Notable quotes / concise insights
- “This is not an investment, it’s an expenditure.” — on why conventional ROI calculations don’t directly apply to NASA programs; instead, NASA measures economic impact.
- Technological spillovers matter more than trivia: space-funded advances (e.g., semiconductors, Apollo guidance computer) created foundational tech for modern economies.
- “No space NIMBYs” — a wry note on regulatory/permitting advantages for orbital infrastructure, but also a cue to think about public goods and night-sky impacts.
- Shuttle → Starship: the same economic/engineering goal persists — fully reusable, aircraft-like operations to lower cost and scale activity in space.

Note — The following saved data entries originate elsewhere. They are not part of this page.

(* Fix $X\in\mathcal{E}$ and let $I$ be the Daniell integral associated with $X$. Let $f\in\mathbb{L}$ have bounded support. Then there exists an open dense set $H\subseteq K$ such that $I(f)(\omega)=f(X(\omega))$ for every $\omega\in H$.
   Context: Let $\mathcal{E}$ be an order complete vector lattice with a weak order unit $E$, $K$ its Stone space (extremally disconnected compact Hausdorff), and $C^\infty(K)$ the vector lattice of continuous functions $K\to[-\infty,\infty]$ finite off a nowhere dense set (identified when equal off a nowhere dense set), which is the universal completion $\mathcal{E}^u$. Fix a Maeda–Ogasawara representation of $\mathcal{E}$ as an order dense ideal of $C^\infty(K)$ with $E$ corresponding to $\mathbf{1}$. For $Y\in\mathcal{E}$, $P_Y$ denotes the band projection onto the band generated by $Y$; in this representation $P_YE=\mathbf{1}_{\overline{\{Y\neq0\}}}$. Daniell calculus: $F(\mathbb{R})$ is the algebra of finite disjoint unions of intervals $(a,b]$, $(a,\infty)$, $(-\infty,b]$ ($a,b\in\mathbb{R}$), and $\mathbb{L}$ is the vector lattice of functions $f=\sum_{i=1}^n a_i\mathbf{1}_{S_i}$ with $a_i\in\mathbb{R}$ and $(S_i)$ a partition of $\mathbb{R}$ into sets of $F(\mathbb{R})$. For fixed $X\in\mathcal{E}$ the spectral system is $A_t=E-P_{(X-tE)^+}E$ ($t\in\mathbb{R}$), with $A_\infty=\sup_tA_t$, $A_{-\infty}=\inf_tA_t$; the measure $\mu_A$ is $\mu_A(a,b]=A_b-A_a$, $\mu_A(a,\infty)=A_\infty-A_a$, $\mu_A(-\infty,b]=A_b-A_{-\infty}$, extended additively to finite disjoint unions; and the Daniell integral associated with $X$ is $I(f)=\sum_i a_i\mu_A(S_i)$ for $f=\sum_ia_i\mathbf{1}_{S_i}\in\mathbb{L}$. *)

From HB Require Import structures.
From mathcomp Require Import all_boot all_order all_algebra.
From mathcomp Require Import all_classical all_reals all_analysis.
Import numFieldNormedType.Exports.
Set Implicit Arguments. Unset Strict Implicit. Unset Printing Implicit Defensive.
Import Order.TTheory GRing.Theory Num.Theory.
Local Open Scope classical_set_scope.
Local Open Scope ring_scope.

Definition nowhere_dense (T : topologicalType) (N : set T) : Prop :=
  interior (closure N) = set0.

Definition extremally_disconnected (T : topologicalType) : Prop :=
  forall U : set T, open U -> open (closure U).

(* X is an element of C^oo(K): continuous K -> [-oo,+oo], finite off a
   nowhere dense set.  (Two such continuous functions that agree off a
   nowhere dense set agree everywhere, so no quotient is needed.) *)
Definition in_Cinf (R : realType) (K : topologicalType) (X : K -> \bar R) : Prop :=
  continuous X /\ nowhere_dense [set w | ~ (X w \is a fin_num)].

(* P_Y E = 1_{closure {Y <> 0}} in the Maeda--Ogasawara representation *)
Definition bandprojE (R : realType) (K : topologicalType) (Y : K -> \bar R) : K -> R :=
  \1_(closure [set w | Y w != 0%E]).

Definition posdiff (R : realType) (K : topologicalType) (X : K -> \bar R) (t : R)
  : K -> \bar R := fun w => maxe (X w - t%:E)%E 0%E.

(* A_t = E - P_{(X - tE)^+} E  (E corresponds to the constant function 1) *)
Definition spectral (R : realType) (K : topologicalType) (X : K -> \bar R) (t : R)
  : K -> R := fun w => 1 - bandprojE (posdiff X t) w.

Definition is_sup_fam (R : realType) (K : topologicalType) (A : R -> K -> R)
  (s : K -> R) : Prop :=
  continuous s /\ (forall t w, A t w <= s w) /\
  (forall g : K -> R, continuous g -> (forall t w, A t w <= g w) ->
     forall w, s w <= g w).

Definition is_inf_fam (R : realType) (K : topologicalType) (A : R -> K -> R)
  (s : K -> R) : Prop :=
  continuous s /\ (forall t w, s w <= A t w) /\
  (forall g : K -> R, continuous g -> (forall t w, g w <= A t w) ->
     forall w, g w <= s w).

Inductive ivl (R : realType) : Type :=
  | IOC of R & R
  | IOinf of R
  | IinfC of R.

Definition ivl_set (R : realType) (J : ivl R) : set R :=
  match J with
  | IOC a b => [set x | a < x <= b]
  | IOinf a => [set x | a < x]
  | IinfC b => [set x | x <= b]
  end.

Definition ivl_wf (R : realType) (J : ivl R) : Prop :=
  match J with IOC a b => a < b | _ => True end.

(* a set of F(R), given as a finite list of pairwise disjoint basic intervals *)
Definition FR_wf (R : realType) (s : seq (ivl R)) : Prop :=
  (forall i, (i < size s)%N -> ivl_wf (nth (IinfC 0) s i)) /\
  (forall i j, (i < size s)%N -> (j < size s)%N -> i != j ->
     ivl_set (nth (IinfC 0) s i) `&` ivl_set (nth (IinfC 0) s j) = set0).

Definition FR_set (R : realType) (s : seq (ivl R)) : set R :=
  \bigcup_(i in [set i | (i < size s)%N]) ivl_set (nth (IinfC 0) s i).

Definition mu_ivl (R : realType) (K : Type) (A : R -> K -> R) (Ainf Aminf : K -> R)
  (J : ivl R) : K -> R :=
  match J with
  | IOC a b => fun w => A b w - A a w
  | IOinf a => fun w => Ainf w - A a w
  | IinfC b => fun w => A b w - Aminf w
  end.

Definition mu_FR (R : realType) (K : Type) (A : R -> K -> R) (Ainf Aminf : K -> R)
  (s : seq (ivl R)) : K -> R :=
  fun w => \sum_(J <- s) mu_ivl A Ainf Aminf J w.

(* an element f = sum_i a_i 1_{S_i} of L, (S_i) a partition of R in F(R) *)
Definition L_wf (R : realType) (n : nat) (S : 'I_n -> seq (ivl R)) : Prop :=
  (forall i, FR_wf (S i)) /\
  (forall x : R, exists i, FR_set (S i) x) /\
  (forall i j, i != j -> FR_set (S i) `&` FR_set (S j) = set0).

Definition L_fun (R : realType) (n : nat) (a : 'I_n -> R) (S : 'I_n -> seq (ivl R))
  : R -> R := fun x => \sum_(i < n) a i * \1_(FR_set (S i)) x.

Definition daniell (R : realType) (K : Type) (A : R -> K -> R) (Ainf Aminf : K -> R)
  (n : nat) (a : 'I_n -> R) (S : 'I_n -> seq (ivl R)) : K -> R :=
  fun w => \sum_(i < n) a i * mu_FR A Ainf Aminf (S i) w.

Definition bounded_support (R : realType) (f : R -> R) : Prop :=
  exists M : R, forall x, M < `|x| -> f x = 0.

From HB Require Import structures.
From mathcomp Require Import all_boot all_order all_algebra.
From mathcomp Require Import all_classical all_reals all_analysis.
From mathcomp Require Import lra.
Set Implicit Arguments. Unset Strict Implicit. Unset Printing Implicit Defensive.
Import Order.TTheory GRing.Theory Num.Theory.
Import numFieldNormedType.Exports.
Local Open Scope classical_set_scope.
Local Open Scope ring_scope.

(* Off the boundary of an open set A, the indicator of closure A (the band
   projection of the paper) coincides with the indicator of A, and the
   complement of a boundary is open and dense.  For A = {X > t} this gives
   A_t(w) = [X(w) <= t].  Bounded support forces every interval carrying a
   nonzero coefficient of f to be of the form (u, v], so only finitely many
   t are involved; on the intersection H of the corresponding open dense sets
   (and of the open dense set where X is finite) the sum defining I(f)(w)
   collapses to the sum of the a_i 1_{S_i}(X(w)), which is f(X(w)). *)

Section off_boundary.
Variable T : topologicalType.

Definition off_boundary (A : set T) : set T := ~` closure A `|` A.

Lemma open_off_boundary A : open A -> open (off_boundary A).
Proof. by move=> oA; apply: openU => //; rewrite openC; exact: closed_closure. Qed.

Lemma dense_off_boundary A : dense (off_boundary A).
Proof.
move=> O [p Op] oO.
have [[q [Oq Aq]]|nOA] := pselect (O `&` A !=set0).
  by exists q; split => //; right.
exists p; split => //; left => clAp; apply: nOA.
have [q [Aq Oq]] := clAp O (open_nbhs_nbhs (conj oO Op)).
by exists q.
Qed.

Lemma indic_closure_off_boundary (R : numDomainType) A w :
  off_boundary A w -> \1_(closure A) w = \1_A w :> R.
Proof.
rewrite !indicE; case=> [nclAw|Aw].
  by rewrite !memNset // => Aw; apply: nclAw; exact: subset_closure.
by rewrite !mem_set //; exact: subset_closure.
Qed.

Lemma dense_setC_nowhere_dense (N : set T) : nowhere_dense N -> dense (~` N).
Proof.
move=> ndN O [p Op] oO; apply/set0P/negP => /eqP ON0.
have ON : O `<=` N.
  by move=> w Ow; apply: contrapT => Nw; have : (O `&` ~` N) w by []; rewrite ON0.
have : O `<=` interior (closure N).
  by rewrite -open_subsetE //; exact: subset_trans ON (@subset_closure _ N).
by rewrite ndN => /(_ p Op).
Qed.

Lemma open_dense_seq_cap (I : eqType) (D : set T) (F : I -> set T) (l : seq I) :
  open D -> dense D -> (forall i, open (F i) /\ dense (F i)) ->
  open [set w | D w /\ forall i, i \in l -> F i w] /\
  dense [set w | D w /\ forall i, i \in l -> F i w].
Proof.
move=> oD dD oF; elim: l => [|i l [oH dH]].
  suff -> : [set w | D w /\ forall i, i \in [::] -> F i w] = D by [].
  by apply/seteqP; split => w /= => [[]|Dw].
have -> : [set w | D w /\ forall j, j \in i :: l -> F j w] =
    F i `&` [set w | D w /\ forall j, j \in l -> F j w].
  apply/seteqP; split => w /= [].
    move=> Dw Fw; split; first exact/Fw/mem_head.
    by split=> // j jl; apply: Fw; rewrite inE jl orbT.
  by move=> Fiw [Dw Fw]; split => // j; rewrite inE => /orP[/eqP -> //|]; exact: Fw.
have [oFi dFi] := oF i.
by split; [exact: openI | exact: denseI].
Qed.

End off_boundary.

Section spectral_system.
Variables (R : realType) (K : topologicalType) (X : K -> \bar R).

Lemma open_dense_fin_num : in_Cinf X ->
  open [set w | X w \is a fin_num] /\ dense [set w | X w \is a fin_num].
Proof.
move=> [cX ndX]; split.
  have -> : [set w | X w \is a fin_num] =
      X @^-1` ([set y | (-oo < y)%E] `&` [set y | (y < +oo)%E]).
    by apply/seteqP; split => w /=; rewrite fin_numElt => /andP.
  move/continuousP : cX; apply; apply: openI;
    [exact: open_ereal_gt_ereal | exact: open_ereal_lt_ereal].
have := dense_setC_nowhere_dense ndX.
by congr dense; apply/seteqP; split => w /= => [/contrapT|fw].
Qed.

Lemma open_Cinf_gt t : in_Cinf X -> open [set w | (t%:E < X w)%E].
Proof. by move=> [/continuousP cX _]; exact: cX _ (open_ereal_gt_ereal (x := t%:E)). Qed.

Lemma posdiff_neq0 t w : (posdiff X t w != 0)%E = (t%:E < X w)%E.
Proof.
rewrite /posdiff maxEle; case: (X w) => [r| |] /=.
- rewrite lte_fin -EFinD lee_fin subr_le0; case: (leP r t) => [|rt].
    by rewrite eqxx.
  by rewrite eqe subr_eq0 gt_eqF.
- by rewrite ltry.
- by rewrite addNye leNye eqxx ltNge leNye.
Qed.

Lemma spectral_off_boundary t w :
  off_boundary [set w | (t%:E < X w)%E] w -> spectral X t w = (X w <= t%:E)%E%:R.
Proof.
rewrite /spectral /bandprojE.
have -> : [set w | posdiff X t w != 0%E] = [set w | (t%:E < X w)%E].
  by apply/seteqP; split => v /=; rewrite posdiff_neq0.
move=> /indic_closure_off_boundary ->.
rewrite indicE leNgt; case: (boolP (t%:E < X w)%E) => h.
  by rewrite mem_set // subrr.
by rewrite memNset ?subr0 //; exact/negP.
Qed.

Lemma mu_IOC_off_boundary (Ainf Aminf : K -> R) u v w :
  u <= v -> X w \is a fin_num ->
  off_boundary [set w | (u%:E < X w)%E] w ->
  off_boundary [set w | (v%:E < X w)%E] w ->
  mu_ivl (spectral X) Ainf Aminf (IOC u v) w = \1_(ivl_set (IOC u v)) (fine (X w)).
Proof.
move=> uv /fineK Xw Bu Bv /=; rewrite !spectral_off_boundary // -Xw !lee_fin indicE.
set x := fine (X w).
have -> : (x \in [set x | u < x <= v]) = (u < x <= v).
  by apply/idP/idP => [/set_mem //|h]; exact/mem_set.
by case: (leP x u) => [xu|]; [rewrite (le_trans xu uv) subrr|rewrite subr0].
Qed.

End spectral_system.

Section Daniell_calculus.
Variable R : realType.

Definition endpoints (J : ivl R) : seq R :=
  match J with IOC a b => [:: a; b] | IOinf a => [:: a] | IinfC b => [:: b] end.

Definition breakpoints (n : nat) (S : 'I_n -> seq (ivl R)) : seq R :=
  flatten [seq flatten [seq endpoints J | J <- S i] | i <- enum 'I_n].

Lemma mem_breakpoints n (S : 'I_n -> seq (ivl R)) i k t :
  (k < size (S i))%N -> t \in endpoints (nth (IinfC 0) (S i) k) -> t \in breakpoints S.
Proof.
move=> ks tJ; apply/flattenP; exists (flatten [seq endpoints J | J <- S i]).
  by apply: map_f; rewrite mem_enum.
apply/flattenP; exists (nth [::] [seq endpoints J | J <- S i] k).
  by apply: mem_nth; rewrite size_map.
by rewrite (nth_map (IinfC 0)).
Qed.

Lemma sum_indic_FR_set (s : seq (ivl R)) x :
  FR_wf s -> \sum_(J <- s) \1_(ivl_set J) x = \1_(FR_set s) x :> R.
Proof.
move=> [_ disj]; rewrite (big_nth (IinfC 0)) big_mkord.
have [[k /= ks xk]|nx] := pselect (FR_set s x).
  rewrite (bigD1 (Ordinal ks)) //= big1 => [|j jk].
    by rewrite addr0 !indicE (mem_set xk) mem_set //; exists k.
  rewrite indicE memNset // => xj.
  have : (ivl_set (nth (IinfC 0) s k) `&` ivl_set (nth (IinfC 0) s j)) x by [].
  by rewrite disj // eq_sym; apply: contra jk => /eqP jk; apply/eqP/val_inj.
rewrite big1 => [|j _]; first by rewrite indicE memNset.
by rewrite indicE memNset //= => xj; apply: nx; exists (nat_of_ord j) => /=.
Qed.

Lemma L_funE n (a : 'I_n -> R) (S : 'I_n -> seq (ivl R)) i x :
  L_wf S -> FR_set (S i) x -> L_fun a S x = a i.
Proof.
move=> [_ [_ disj]] xi; rewrite /L_fun (bigD1 i) //= big1 => [|j ji].
  by rewrite indicE mem_set // mulr1 addr0.
rewrite indicE memNset ?mulr0 // => xj.
have : (FR_set (S i) `&` FR_set (S j)) x by [].
by rewrite disj // eq_sym.
Qed.

Lemma ivl_set_unbounded (J : ivl R) M :
  (forall u v, J <> IOC u v) -> exists2 y, ivl_set J y & M < `|y|.
Proof.
have := ler_norm M; have := normr_ge0 M.
case: J => [u v|c|c] M0 MM notIOC; first by have := notIOC u v.
- have := ler_norm c; have := normr_ge0 c => c0 cc.
  have y0 : 0 <= `|c| + `|M| + 1 by lra.
  by exists (`|c| + `|M| + 1); rewrite /= ?(ger0_norm y0); lra.
- have := ler_norm (- c); rewrite normrN; have := normr_ge0 c => c0 cc.
  have y0 : - (`|c| + `|M| + 1) <= 0 by lra.
  by exists (- (`|c| + `|M| + 1)); rewrite /= ?(ler0_norm y0); lra.
Qed.

Lemma bounded_support_IOC n (a : 'I_n -> R) (S : 'I_n -> seq (ivl R)) i k :
  L_wf S -> bounded_support (L_fun a S) -> a i != 0 -> (k < size (S i))%N ->
  exists u v, nth (IinfC 0) (S i) k = IOC u v.
Proof.
move=> hL [M hM] ai ks.
case: (pselect (exists u v, nth (IinfC 0) (S i) k = IOC u v)) => // notIOC.
have [|y Jy My] := ivl_set_unbounded M (J := nth (IinfC 0) (S i) k).
  by move=> u v JE; apply: notIOC; exists u, v.
have Sy : FR_set (S i) y by exists k.
by move: ai; rewrite -(L_funE a hL Sy) hM ?eqxx.
Qed.

End Daniell_calculus.

Theorem mainTheorem4 (R : realType) (K : topologicalType)
  (hK_compact : compact [set: K]) (hK_hausdorff : hausdorff_space K)
  (hK_ed : extremally_disconnected K)
  (X : K -> \bar R) (hX : in_Cinf X)
  (Ainf Aminf : K -> R)
  (hAinf : is_sup_fam (spectral X) Ainf)
  (hAminf : is_inf_fam (spectral X) Aminf)
  (n : nat) (a : 'I_n -> R) (S : 'I_n -> seq (ivl R))
  (hf : L_wf S) (hfb : bounded_support (L_fun a S)) :
  exists H : set K, open H /\ dense H /\
    forall w, H w ->
      X w \is a fin_num /\
      daniell (spectral X) Ainf Aminf a S w = L_fun a S (fine (X w)).
Proof.
have [ofin dfin] := open_dense_fin_num hX.
have [oH dH] := open_dense_seq_cap (breakpoints S) ofin dfin
  (fun t => conj (open_off_boundary (open_Cinf_gt t hX)) (dense_off_boundary _)).
exists [set w | X w \is a fin_num /\
  forall t, t \in breakpoints S -> off_boundary [set w | (t%:E < X w)%E] w].
split=> //; split=> // w [fw Bw]; split => //.
rewrite /daniell /L_fun; apply: eq_bigr => i _.
have [->|ai] := eqVneq (a i) 0; first by rewrite !mul0r.
congr (_ * _); rewrite /mu_FR -(sum_indic_FR_set _ (hf.1 i)) !(big_nth (IinfC 0)).
apply: eq_big_nat => k /andP[_ ks].
have [u [v JE]] := bounded_support_IOC hf hfb ai ks.
have uv : u < v by have := (hf.1 i).1 k ks; rewrite JE.
have Bu : u \in breakpoints S by apply: (mem_breakpoints ks); rewrite JE mem_head.
have Bv : v \in breakpoints S by apply: (mem_breakpoints ks); rewrite JE mem_seq2 eqxx orbT.
by rewrite JE; apply: mu_IOC_off_boundary (ltW uv) fw (Bw u Bu) (Bw v Bv).
Qed.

Practical implications and recommendations
- For policymakers:
- Maintain public funding for activities with no near-term private-market solution (basic science, foundational lunar infrastructure, certain safety/regulatory roles).

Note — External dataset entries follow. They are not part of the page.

Definition row_extreme (q : T) : bool := isL pos E q q || isR pos E q q.
Definition col_extreme (q : T) : bool := isU pos E q q || isD pos E q q.

Definition segment (b : bool) : T -> {set T} :=
  if b then colseg pos E else rowseg pos E.
Definition extreme (b : bool) : pred T := if b then col_extreme else row_extreme.
Definition segment_rel (b : bool) : rel T := if b then vE pos E else hE pos E.

Lemma segment_connect_sym b : connect_sym (segment_rel b).
Proof. by apply: sym_connect_sym; case: b => x y /=; rewrite /vE /hE symE eq_sym. Qed.

Lemma segmentE b p : segment b p = [set q | connect (segment_rel b) p q].
Proof. by case: b. Qed.

Lemma segment_sym b p q : (q \in segment b p) = (p \in segment b q).
Proof. by rewrite !segmentE !inE segment_connect_sym. Qed.

Lemma segment_eq b p q : q \in segment b p -> segment b q = segment b p.
Proof.
rewrite !segmentE inE => pq; apply/setP => z; rewrite !inE.
by rewrite (same_connect (segment_connect_sym b) pq).
Qed.

Lemma tiltToE p q :
  tiltTo pos E p q = [|| (q \in rowseg pos E p) && row_extreme q
                       | (q \in colseg pos E p) && col_extreme q].
Proof.
have rowseg_eq x y : y \in rowseg pos E x -> rowseg pos E y = rowseg pos E x.
  exact: (@segment_eq false).
have colseg_eq x y : y \in colseg pos E x -> colseg pos E y = colseg pos E x.
  exact: (@segment_eq true).
rewrite /tiltTo /row_extreme /col_extreme /isL /isR /isU /isD.
case Hr: (q \in rowseg pos E p); case Hc: (q \in colseg pos E p) => /=.
all: by rewrite ?(rowseg_eq _ _ Hr) ?(colseg_eq _ _ Hc) ?Hr ?Hc /= ?orbA ?orbF.
Qed.

Lemma tiltToP p q :
  reflect (exists b, q \in segment b p /\ extreme b q) (tiltTo pos E p q).
Proof.
rewrite tiltToE; apply: (iffP orP) => [[] /andP[qs ext] | [[] [qs ext]]].
- by exists false.
- by exists true.
- by right; apply/andP.
- by left; apply/andP.
Qed.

- Treat NASA as an infrastructure manager in addition to a research agency — expect a mix of public ownership and private services.
- Monitor and regulate shared commons issues (space debris, constellation reflectivity, orbital congestion).
- For investors and startups:
- LEO services (private space stations, microgravity R&D, satellite comms) are nearer-term commercial prospects than lunar mining.
- Orbital data centers and in-space manufacturing require careful techno-economic assumptions (launch cost sensitivities, thermal management, asset longevity).
- For researchers and the public:
- Read NASA procurement and economic-impact documents to understand agency decision-making and technical-economic tradeoffs.
- Recognize the long time horizons for transformative returns from space programs; many benefits are indirect (technology spillovers) rather than immediate revenue.
Fast facts / timelines referenced
- NASA budget: peaked during Apollo in the mid-1960s (a few percent of federal budget), then declined and has been roughly inflation‑flat since.
- Artemis II: described as an imminent lunar flyby mission (crewed Orion around the Moon).
- Artemis landing: publicly targeted dates have varied; a 2028 landing target is discussed but remains uncertain and dependent on Starship performance and refueling logistics.
- Outer Space Treaty (1967): forbids national sovereignty claims over celestial bodies; Space Act (2015): U.S. law enabling private extraction and ownership of resources.
Further reading mentioned by guest
- The Long Space Age (Alex McDonald) — economic history of space exploration.
- City on Mars — recent book discussing habitation challenges on Mars.
- Liu Cixin — The Three-Body Problem (recommended fiction touching on existential space risks).
This episode offers a clear, economist’s lens on why space policy, procurement, and markets are increasingly intertwined — and why NASA added economic expertise to navigate the evolving public-private frontier in space.